AI Language Models’ Limitations and Future Works in Data Annotation

AI Language Models' Limitations and Future Works in Data Annotation

The article discusses the potential of ChatGPT, a generative AI model, to revolutionize scientific research by accelerating literature reviews, improving findings interpretation, and enhancing readability. ChatGPT can generate responses that closely resemble human-generated content, making it a valuable tool for researchers. The model can also produce responses based on prompts written in natural language, allowing users to guide its responses with ease.
The article highlights the advantages of using ChatGPT in scientific research, including its ability to improve the quality of research by assisting in writing, accelerating the literature review process, and preparing results more efficiently. Additionally, ChatGPT can help researchers investigate the impact of vocabulary and lexical richness on scientific communication.

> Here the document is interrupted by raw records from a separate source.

Definition symmetric_chan (R : realFieldType) (Y : finType) (V : chan R Y) : Prop :=
  exists pi : Y -> Y, involutive pi /\ forall y, V true y = V false (pi y).

From HB Require Import structures.
From mathcomp Require Import all_boot all_order all_algebra.
From mathcomp Require Import ring lra zify.
Set Implicit Arguments. Unset Strict Implicit. Unset Printing Implicit Defensive.
Import Order.TTheory GRing.Theory Num.Theory.
Local Open Scope ring_scope.

(* Proof of Proposition 3.  For a channel W and an output y put
     D_W(y) = (W(y|1) - W(y|0)) / (W(y|1) + W(y|0)),
   so that L_W(y) > 1 iff D_W(y) > 0 and L_W(y) < 1 iff D_W(y) < 0.  Call a
   weight w and a value D on a finite set "balanced" when
   \sum w (1 + D) g(D) = 0 for every odd g; this says that the law of D under
   w is symmetric in the sense (1 - d) mu(-d) = (1 + d) mu(d).
   1. A symmetric B-DMC, weighted by V(.|0), is balanced (balanced_symmetric).
   2. Balancedness is preserved by the two polarization rules on D-values,
      D^- = - D1 D2 and D^+ = (D1 + D2) / (1 + D1 D2) (balanced_minus,
      balanced_plus), which are exactly the D-values of V_{2N}^{(2i-1)} and
      V_{2N}^{(2i)} at (y_1^{2N}, 0) in terms of those of V_N^{(i)} on the two
      halves of y (tanhLR_joinf).  By induction every synthetic channel at the
      all-zero input is balanced (balanced_tanhLR).
   3. Taking g = sg gives \sum w sg(D) = - \sum w |D| <= 0, and the left-hand
      side is P_V[L > 1] - P_V[L < 1] (ProbV_gap).
   Hence P_V[L > 1] <= P_V[L < 1] for every synthetic channel of a symmetric
   channel (ProbV_LR_le). *)

Section Balanced.
Variable R : realFieldType.

Definition odd_fun (g : R -> R) := forall x, g (- x) = - g x.

(* The law of D under the (possibly unnormalized) weight w is symmetric. *)
Definition balanced (A : finType) (w D : A -> R) :=
  forall g, odd_fun g -> \sum_a w a * (1 + D a) * g (D a) = 0.

Lemma balanced_ext (A : finType) (w w' D D' : A -> R) :
  w =1 w' -> (forall a, w a != 0 -> D a = D' a) -> balanced w D -> balanced w' D'.
Proof.
move=> ew eD bal g g_odd; rewrite -[RHS](bal g g_odd); apply: eq_bigr => a _.
by rewrite -ew; have [->|/eD->] := eqVneq (w a) 0; rewrite ?mul0r.
Qed.

Lemma balanced_reindex (A B : finType) (f : A -> B) (w D : B -> R) :
  bijective f -> balanced (w \o f) (D \o f) -> balanced w D.
Proof. by move=> bij_f bal g g_odd; rewrite (reindex f) ?bal //; exact: onW_bij. Qed.

Lemma balanced_sg (A : finType) (w D : A -> R) : balanced w D ->
  \sum_a w a * Num.sg (D a) = - \sum_a w a * `|D a|.
Proof.
move=> bal; apply/eqP; rewrite -subr_eq0 opprK -big_split /=.
rewrite -[X in _ == X](bal _ (@sgrN _)); apply/eqP; apply: eq_bigr => a _; rewrite normrEsg; ring.
Qed.

Lemma balanced_sum_le0 (A : finType) (w D : A -> R) :
  (forall a, 0 <= w a) -> balanced w D -> \sum_a w a * Num.sg (D a) <= 0.
Proof.
move=> w_ge0 /balanced_sg ->; rewrite oppr_le0.
by apply: sumr_ge0 => a _; rewrite mulr_ge0.
Qed.

(* Addition law of tanh: the D-value combination at a variable node. *)
Definition tanh_add (x y : R) := (x + y) / (1 + x * y).

Lemma odd_fun0 g : odd_fun g -> g 0 = 0.
Proof. by move=> g_odd; have := g_odd 0; rewrite oppr0 => e; lra. Qed.

(* (1 + D^+) factors through (1 + x)(1 + y); when 1 + x y = 0 both sides
   vanish since tanh_add x y = 0 in the field convention x / 0 = 0. *)
Lemma tanh_add_kernel g x y : odd_fun g ->
  (1 + tanh_add x y) * g (tanh_add x y)
  = (1 + x) * (1 + y) * (g (tanh_add x y) / (1 + x * y)).
Proof.
move=> g_odd; rewrite /tanh_add; have [e|nz] := eqVneq (1 + x * y) 0.
  by rewrite e invr0 !mulr0 addr0 mul1r (odd_fun0 g_odd).
by field.
Qed.

Section Pair.
Variables (A B : finType) (wa Da : A -> R) (wb Db : B -> R).
Hypotheses (balA : balanced wa Da) (balB : balanced wb Db).

Lemma sum_pair (F : A * B -> R) : \sum_p F p = \sum_a \sum_b F (a, b).
Proof. by rewrite pair_bigA; apply: eq_bigr => -[]. Qed.

Lemma sum_odd_l (c : B -> R) (G : R -> R -> R) : (forall x y, G (- x) y = - G x y) ->
  \sum_a \sum_b wa a * (1 + Da a) * c b * G (Da a) (Db b) = 0.
Proof.
move=> G_odd; rewrite exchange_big /=; apply: big1 => b _.
transitivity (c b * \sum_a wa a * (1 + Da a) * G (Da a) (Db b)).
  by rewrite mulr_sumr; apply: eq_bigr => a _; ring.
by rewrite (balA (g := G^~ (Db b))) ?mulr0 // => x; exact: G_odd.
Qed.

Lemma sum_odd_r (c : A -> R) (G : R -> R -> R) : (forall x y, G x (- y) = - G x y) ->
  \sum_a \sum_b c a * (wb b * (1 + Db b)) * G (Da a) (Db b) = 0.
Proof.
move=> G_odd; apply: big1 => a _.
transitivity (c a * \sum_b wb b * (1 + Db b) * G (Da a) (Db b)).
  by rewrite mulr_sumr; apply: eq_bigr => b _; ring.
by rewrite (balB (g := G (Da a))) ?mulr0 // => y; exact: G_odd.
Qed.

(* Check-node rule: (1 - x y) = (1 + x) - x (1 + y) splits the sum into two
   kernels odd in x resp. in y. *)
Lemma balanced_minus :
  balanced (fun p : A * B => wa p.1 * wb p.2) (fun p => - (Da p.1 * Db p.2)).
Proof.
move=> g g_odd; rewrite sum_pair /=.
pose G x y := g (- (x * y)).
have GoddL x y : G (- x) y = - G x y by rewrite /G mulNr opprK -g_odd opprK.
have GoddR x y : G x (- y) = - G x y by rewrite /G mulrN opprK -g_odd opprK.
transitivity ((\sum_a \sum_b wa a * (1 + Da a) * wb b * G (Da a) (Db b))
  - \sum_a \sum_b wa a * Da a * (wb b * (1 + Db b)) * G (Da a) (Db b)).
  rewrite -sumrB; apply: eq_bigr => a _; rewrite -sumrB; apply: eq_bigr => b _.
  by rewrite /G; ring.
by rewrite (sum_odd_l _ GoddL) (sum_odd_r _ GoddR) subr0.
Qed.

(* Variable-node rule: after tanh_add_kernel, split the jointly odd kernel H
   into a part odd in x and a part odd in y. *)
Lemma balanced_plus :
  balanced (fun p : A * B => wa p.1 * wb p.2) (fun p => tanh_add (Da p.1) (Db p.2)).
Proof.
move=> g g_odd; rewrite sum_pair /=.
pose H x y := g (tanh_add x y) / (1 + x * y).
have H_odd x y : H (- x) (- y) = - H x y.
  by rewrite /H /tanh_add mulrNN -opprD mulNr g_odd mulNr.
pose H1 x y := (H x y - H (- x) y) / 2.
pose H2 x y := (H x y + H (- x) y) / 2.
have H1odd x y : H1 (- x) y = - H1 x y by rewrite /H1 opprK; field.
have H2odd x y : H2 x (- y) = - H2 x y.
  by rewrite /H2 -[in H x (- y)](opprK x) !H_odd; field.
transitivity ((\sum_a \sum_b wa a * (1 + Da a) * (wb b * (1 + Db b)) * H1 (Da a) (Db b))
  + \sum_a \sum_b wa a * (1 + Da a) * (wb b * (1 + Db b)) * H2 (Da a) (Db b)).
  rewrite -big_split; apply: eq_bigr => a _; rewrite -big_split; apply: eq_bigr => b _ /=.
  by rewrite -mulrA tanh_add_kernel // -/(H _ _) /H1 /H2; field.
by rewrite (sum_odd_l _ H1odd) (sum_odd_r _ H2odd) addr0.
Qed.
End Pair.
End Balanced.

Section Ratio.
Variable R : realFieldType.

Definition dratio (x1 x0 : R) := (x1 - x0) / (x1 + x0).

Lemma dratio_swap (x1 x0 : R) : dratio x0 x1 = - dratio x1 x0.
Proof. by rewrite /dratio -mulNr opprB [x1 + x0]addrC. Qed.

Lemma dratio_minus (x1 x0 y1 y0 : R) : 0 < x0 -> 0 <= x1 -> 0 < y0 -> 0 <= y1 ->
  dratio (2^-1 * x0 * y1 + 2^-1 * x1 * y0) (2^-1 * x1 * y1 + 2^-1 * x0 * y0)
  = - (dratio x1 x0 * dratio y1 y0).
Proof.
move=> x0_gt0 x1_ge0 y0_gt0 y1_ge0; rewrite /dratio.
have x_nz : x1 + x0 != 0 by rewrite gt_eqF //; lra.
have y_nz : y1 + y0 != 0 by rewrite gt_eqF //; lra.
have -> : 2^-1 * x0 * y1 + 2^-1 * x1 * y0 + (2^-1 * x1 * y1 + 2^-1 * x0 * y0)
   = 2^-1 * ((x1 + x0) * (y1 + y0)) by ring.
by field; rewrite x_nz y_nz.
Qed.

Lemma dratio_plus (x1 x0 y1 y0 : R) : 0 < x0 -> 0 <= x1 -> 0 < y0 -> 0 <= y1 ->
  dratio (2^-1 * x1 * y1) (2^-1 * x0 * y0) = tanh_add (dratio x1 x0) (dratio y1 y0).
Proof.
move=> x0_gt0 x1_ge0 y0_gt0 y1_ge0; rewrite /dratio /tanh_add.
have x_nz : x1 + x0 != 0 by rewrite gt_eqF //; lra.
have y_nz : y1 + y0 != 0 by rewrite gt_eqF //; lra.
have xy_nz : x1 * y1 + x0 * y0 != 0 by rewrite gt_eqF //; nra.
have -> : 1 + (x1 - x0) / (x1 + x0) * ((y1 - y0) / (y1 + y0))
    = 2 * (x1 * y1 + x0 * y0) / ((x1 + x0) * (y1 + y0)) by field; rewrite x_nz y_nz.
by field; rewrite x_nz y_nz xy_nz.
Qed.

Lemma dratio_sg (x1 x0 : R) : 0 < x0 -> 0 <= x1 ->
  Num.sg (dratio x1 x0) = (1 < x1 / x0)%R%:R - (x1 / x0 < 1)%R%:R.
Proof.
move=> x0_gt0 x1_ge0; rewrite ltr_pdivlMr // ltr_pdivrMr // !mul1r.
rewrite /dratio sgrM sgrV (gtr0_sg (x := x1 + x0)) ?mulr1; last by lra.
case: ltrgtP => h; last by rewrite h subrr sgr0 subrr.
  by rewrite gtr0_sg ?subr0 // subr_gt0.
by rewrite ltr0_sg ?sub0r // subr_lt0.
Qed.

(* Base case: the output involution pi exchanges the summands at y and pi y
   up to sign, so the sum is its own opposite. *)
Lemma balanced_symmetric (Y : finType) (V : chan R Y) (pi : Y -> Y) :
  involutive pi -> (forall y, V true y = V false (pi y)) ->
  balanced (V false) (fun y => dratio (V true y) (V false y)).
Proof.
move=> pi_inv V_pi g g_odd.
pose c y := V false y * (1 + dratio (V true y) (V false y)) * g (dratio (V true y) (V false y)).
have c_pi y : c (pi y) = - c y.
  have V_true_pi : V true (pi y) = V false y by rewrite V_pi pi_inv.
  rewrite /c V_true_pi -V_pi dratio_swap g_odd.
  have [s0|s_nz] := eqVneq (V true y + V false y) 0.
    have d0 : dratio (V true y) (V false y) = 0 by rewrite /dratio s0 invr0 mulr0.
    by rewrite d0 (odd_fun0 g_odd) oppr0 !mulr0 oppr0.
  by rewrite /dratio; field.
have : \sum_y c y = - \sum_y c y.
  by rewrite [LHS](reindex_inj (can_inj pi_inv)) -sumrN; apply: eq_bigr => y _; exact: c_pi.
by move=> e; lra.
Qed.
End Ratio.

Section Halves.
Variable Y : finType.

Lemma mkout_ext n k (f g : 'I_(2 ^ n) -> Y) : f =1 g -> mkout n k f = mkout n k g.
Proof.
elim: n k f g => [|n IH] k f g fg /=; first exact: fg.
rewrite (IH _ (fun t => f (lo_ord t)) (fun t => g (lo_ord t))) => [|t]; last exact: fg.
by rewrite (IH _ (fun t => f (hi_ord t)) (fun t => g (hi_ord t))) // => t; exact: fg.
Qed.

Lemma exp2S n : (2 ^ n.+1 = 2 ^ n + 2 ^ n)%N.
Proof. by rewrite expnS mul2n addnn. Qed.

Definition joinf n (a b : {ffun 'I_(2 ^ n) -> Y}) : {ffun 'I_(2 ^ n.+1) -> Y} :=
  [ffun t => match split (cast_ord (exp2S n) t) with inl i => a i | inr j => b j end].

Lemma joinf_lo n a b t : @joinf n a b (lo_ord t) = a t.
Proof.
rewrite ffunE; case: splitP => [i /= Hi|j /= Hj]; first by congr (a _); apply: val_inj.
by have := ltn_ord t; rewrite Hj; lia.
Qed.

Lemma joinf_hi n a b t : @joinf n a b (hi_ord t) = b t.
Proof.
rewrite ffunE; case: splitP => [i /= Hi|j /= Hj]; last by congr (b _); apply: val_inj => /=; lia.
by have := ltn_ord i; rewrite -Hi; lia.
Qed.

Lemma joinf_bij n : bijective (fun p => @joinf n p.1 p.2).
Proof.
exists (fun y : {ffun 'I_(2 ^ n.+1) -> Y} =>
  ([ffun t => y (lo_ord t)], [ffun t => y (hi_ord t)])) => [[a b]|y] /=.
  by congr pair; apply/ffunP => t; rewrite ffunE ?joinf_lo ?joinf_hi.
apply/ffunP => t; rewrite ffunE; case: splitP => [i /= Hi|j /= Hj]; rewrite ffunE;
  by congr (y _); apply: val_inj => /=; lia.
Qed.

Lemma prod_joinf (R : comNzRingType) n (f : Y -> R) a b :
  \prod_(t < 2 ^ n.+1) f (@joinf n a b t)
  = (\prod_(t < 2 ^ n) f (a t)) * \prod_(t < 2 ^ n) f (b t).
Proof.
have cast_bij : bijective (cast_ord (esym (exp2S n))).
  by exists (cast_ord (exp2S n)) => t; rewrite ?cast_ordK ?cast_ordKV.
rewrite (reindex _ (onW_bij _ cast_bij)) big_split_ord /=.
congr (_ * _); apply: eq_bigr => t _; [rewrite -(joinf_lo a b) | rewrite -(joinf_hi a b)];
  by congr (f (joinf a b _)); apply: val_inj => /=; lia.
Qed.
End Halves.

Section Synthetic.
Variables (R : realFieldType) (Y : finType) (V : chan R Y).
Hypothesis V_ge0 : forall x y, 0 <= V x y.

To demystify complex concepts related to ChatGPT, the article uses analogies such as comparing its vocabulary and lexical richness to human-generated content. The author also provides examples of how ChatGPT can be used in various research settings, such as de-identifying medical texts and generating long-form analogies.
Overall, the article presents a balanced view of ChatGPT’s capabilities and limitations, highlighting its potential to transform scientific research while acknowledging the need for further research to fully understand its capabilities. The author concludes that ChatGPT is a significant tool that can support scientists in their work, but it should be used with caution and critical thinking to ensure reliable results.